*** Material shown Section Begins ***

(* For any $1 \leq i \neq j \leq r$ and $1 \leq s \leq l$, the graph with vertex set $V_i \cup V_j$ whose edges are the edges of $\mathcal{H}(V_i,V_j)$ of color $m_s$ contains no $K_{2,2}$ (4-cycle).
   Context: Let $r \geq 2$ and $l \geq 1$ be integers and $q$ a power of an odd prime. Let $\alpha_1, \dots, \alpha_r$ be distinct elements of $\mathbb{F}_q$, and let $m_1, \dots, m_l$ be distinct elements of $\mathbb{F}_q^* = \mathbb{F}_q\setminus\{0\}$ such that $m_s(\alpha_k - \alpha_i) \neq m_t(\alpha_k - \alpha_j)$ whenever $1 \leq s,t \leq l$ and $i,j,k$ are distinct integers in $\{1,\dots,r\}$. For $1 \leq i \leq r$ let $V_i = \mathbb{F}_q \times \mathbb{F}_q \times \{i\}$. For $x,y \in \mathbb{F}_q$, $a \in \mathbb{F}_q^*$, $s \in \{1,\dots,l\}$ let \[ e(x,y,a,m_s) = \{(x + \alpha_i m_s a,\; y + \alpha_i m_s a^2,\; i) : 1 \leq i \leq r\}. \] $\mathcal{H}$ is the $r$-uniform hypergraph with vertex set $V_1 \cup \dots \cup V_r$ and edge set $\{e(x,y,a,m_s) : x,y \in \mathbb{F}_q,\ a \in \mathbb{F}_q^*,\ 1 \leq s \leq l\}$; it is linear, so any pair of vertices lies in at most one edge of $\mathcal{H}$. For $i \neq j$, $\mathcal{H}(V_i,V_j)$ is the bipartite graph with parts $V_i$ and $V_j$ in which $u \in V_i$ and $w \in V_j$ are adjacent iff $\{u,w\} \subseteq e$ for some edge $e$ of $\mathcal{H}$. An edge $\{u,w\}$ of $\mathcal{H}(V_i,V_j)$ has color $m_s$ if the (unique) edge $e$ of $\mathcal{H}$ containing $\{u,w\}$ is of the form $e(x,y,a,m_s)$. *)

From HB Require Import structures.
From mathcomp Require Import all_boot all_order all_algebra all_field.
Set Implicit Arguments. Unset Strict Implicit. Unset Printing Implicit Defensive.
Import GRing.Theory.
Local Open Scope ring_scope.

(* The hyperedge e(x,y,a,ms) of H, restricted to its vertices in V_i:
   the point (x + alpha_i ms a, y + alpha_i ms a^2) of V_i = F_q x F_q x {i}. *)
Definition edge_pt (F : fieldType) (r : nat) (alpha : 'I_r -> F)
  (x y a ms : F) (i : 'I_r) : F * F :=
  (x + alpha i * ms * a, y + alpha i * ms * a ^+ 2).

Definition colored_adj (F : fieldType) (r : nat) (alpha : 'I_r -> F)
  (ms : F) (i j : 'I_r) (u w : F * F) : Prop :=
  exists x y a : F, a != 0 /\ u = edge_pt alpha x y a ms i /\
                    w = edge_pt alpha x y a ms j.

Definition has_colored_K22 (F : fieldType) (r : nat) (alpha : 'I_r -> F)
  (ms : F) (i j : 'I_r) : Prop :=
  exists u1 u2 w1 w2 : F * F, u1 != u2 /\ w1 != w2 /\
    colored_adj alpha ms i j u1 w1 /\ colored_adj alpha ms i j u1 w2 /\
    colored_adj alpha ms i j u2 w1 /\ colored_adj alpha ms i j u2 w2.

(* Put c := (alpha_j - alpha_i) m_s.  A color-m_s edge between u in V_i and
   w in V_j forces w - u to lie on the parabola {(c a, c a^2)}, so a K_{2,2}
   on u1, u2, w1, w2 yields points s1 - s2 = s3 - s4 (= w1 - w2) on it.  Once
   2 <> 0 and c <> 0, a chord of the parabola is determined by its direction
   and length, which forces s1 = s3, i.e. u1 = u2. *)

From HB Require Import structures.
From mathcomp Require Import all_boot all_order all_algebra all_field.
From mathcomp Require Import ring.
Import GRing.Theory.
Local Open Scope ring_scope.

Lemma two_neq0_of_odd_card {R : finNzRingType} : odd #|R| -> 2%:R != 0 :> R.
Proof.
move=> oddR; apply/negP => /eqP two0.
have pchar2 : (2%N \in [pchar R]) by rewrite inE /= two0.
move: oddR (finNzRing_gt1 R).
by rewrite [#|R|](card_pprimeChar pchar2) oddX orbF => /eqP ->.
Qed.

(* The Sidon property in difference form; s2 = s4 then follows too. *)
Definition sidon {V : zmodType} (S : V -> Prop) : Prop :=
  forall s1 s2 s3 s4, S s1 -> S s2 -> S s3 -> S s4 ->
    s1 - s2 = s3 - s4 -> s1 != s2 -> s1 = s3.

Lemma sidon_K22_free {V : zmodType} {S : V -> Prop} {u1 u2 w1 w2 : V} :
  sidon S -> w1 != w2 ->
  S (w1 - u1) -> S (w2 - u1) -> S (w1 - u2) -> S (w2 - u2) -> u1 = u2.
Proof.
move=> sidonS w12 S11 S21 S12 S22.
have same_diff : w1 - u1 - (w2 - u1) = w1 - u2 - (w2 - u2).
  by rewrite !opprB !addrA !subrK.
have neq_diff : w1 - u1 != w2 - u1 by apply: contra_neq w12 => /addIr.
have := sidonS _ _ _ _ S11 S21 S12 S22 same_diff neq_diff.
by move/addrI/oppr_inj.
Qed.

Definition parabola {R : pzRingType} (c : R) (v : R * R) : Prop :=
  exists a, v = (c * a, c * a ^+ 2).

Lemma sidon_parabola {F : fieldType} {c : F} :
  2%:R != 0 :> F -> c != 0 -> sidon (parabola c).
Proof.
move=> two_nz c_nz _ _ _ _ [a1 ->] [a2 ->] [a3 ->] [a4 ->] [].
rewrite -!mulrBr => /(mulfI c_nz) eq_diff /(mulfI c_nz) eq_sqr a12.
have a12_nz : a1 - a2 != 0 by rewrite subr_eq0; apply: contra_neq a12 => ->.
have eq_sum : a1 + a2 = a3 + a4.
  by apply: (mulfI a12_nz); rewrite -subr_sqr eq_sqr subr_sqr eq_diff.
suff -> : a1 = a3 by [].
have double (x y : F) : 2%:R * x = (x - y) + (x + y) by ring.
by apply: (mulfI two_nz); rewrite (double a1 a2) (double a3 a4) eq_diff eq_sum.
Qed.

Lemma colored_adj_parabola (F : fieldType) (r : nat) (alpha : 'I_r -> F)
    (ms : F) (i j : 'I_r) (u w : F * F) :
  colored_adj alpha ms i j u w -> parabola ((alpha j - alpha i) * ms) (w - u).
Proof.
move=> [x [y [a [_ [-> ->]]]]]; exists a.
by congr (_, _); rewrite /= /edge_pt /=; ring.
Qed.

Theorem lemma3p7 (F : finFieldType) (hodd : odd #|F|)
  (r l : nat) (hr : (2 <= r)%N) (hl : (1 <= l)%N)
  (alpha : 'I_r -> F) (halpha : injective alpha)
  (m : 'I_l -> F) (hm : injective m) (hm0 : forall s, m s != 0)
  (hcond : forall (s t : 'I_l) (i j k : 'I_r), i != j -> j != k -> i != k ->
     m s * (alpha k - alpha i) != m t * (alpha k - alpha j))
  (i j : 'I_r) (hij : i != j) (s : 'I_l) :
  ~ has_colored_K22 alpha (m s) i j.
Proof.
have c_nz : (alpha j - alpha i) * m s != 0.
  by rewrite mulf_neq0 // subr_eq0 (inj_eq halpha) eq_sym.
have sidonP := sidon_parabola (two_neq0_of_odd_card hodd) c_nz.
move=> [u1 [u2 [w1 [w2 [/eqP u12 [w12 [A11 [A12 [A21 A22]]]]]]]]].
apply: u12; apply: (sidon_K22_free sidonP w12).
- exact: colored_adj_parabola A11.
- exact: colored_adj_parabola A12.
- exact: colored_adj_parabola A21.
- exact: colored_adj_parabola A22.
Qed.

*** Material shown Section Ends ***

• Task to complete: Up to and including the final line of the data above, please copy every line exactly, starting from the one that contains "exists a, v = (c * a, c * a ^+ 2).".

• Result of this task:
  exists a, v = (c * a, c * a ^+ 2).

Lemma sidon_parabola {F : fieldType} {c : F} :
  2%:R != 0 :> F -> c != 0 -> sidon (parabola c).
Proof.
move=> two_nz c_nz _ _ _ _ [a1 ->] [a2 ->] [a3 ->] [a4 ->] [].
rewrite -!mulrBr => /(mulfI c_nz) eq_diff /(mulfI c_nz) eq_sqr a12.
have a12_nz : a1 - a2 != 0 by rewrite subr_eq0; apply: contra_neq a12 => ->.
have eq_sum : a1 + a2 = a3 + a4.
  by apply: (mulfI a12_nz); rewrite -subr_sqr eq_sqr subr_sqr eq_diff.
suff -> : a1 = a3 by [].
have double (x y : F) : 2%:R * x = (x - y) + (x + y) by ring.
by apply: (mulfI two_nz); rewrite (double a1 a2) (double a3 a4) eq_diff eq_sum.
Qed.

Lemma colored_adj_parabola (F : fieldType) (r : nat) (alpha : 'I_r -> F)
    (ms : F) (i j : 'I_r) (u w : F * F) :
  colored_adj alpha ms i j u w -> parabola ((alpha j - alpha i) * ms) (w - u).
Proof.
move=> [x [y [a [_ [-> ->]]]]]; exists a.
by congr (_, _); rewrite /= /edge_pt /=; ring.
Qed.

Theorem lemma3p7 (F : finFieldType) (hodd : odd #|F|)
  (r l : nat) (hr : (2 <= r)%N) (hl : (1 <= l)%N)
  (alpha : 'I_r -> F) (halpha : injective alpha)
  (m : 'I_l -> F) (hm : injective m) (hm0 : forall s, m s != 0)
  (hcond : forall (s t : 'I_l) (i j k : 'I_r), i != j -> j != k -> i != k ->
     m s * (alpha k - alpha i) != m t * (alpha k - alpha j))
  (i j : 'I_r) (hij : i != j) (s : 'I_l) :
  ~ has_colored_K22 alpha (m s) i j.
Proof.
have c_nz : (alpha j - alpha i) * m s != 0.
  by rewrite mulf_neq0 // subr_eq0 (inj_eq halpha) eq_sym.
have sidonP := sidon_parabola (two_neq0_of_odd_card hodd) c_nz.
move=> [u1 [u2 [w1 [w2 [/eqP u12 [w12 [A11 [A12 [A21 A22]]]]]]]]].
apply: u12; apply: (sidon_K22_free sidonP w12).
- exact: colored_adj_parabola A11.
- exact: colored_adj_parabola A12.
- exact: colored_adj_parabola A21.
- exact: colored_adj_parabola A22.
Qed.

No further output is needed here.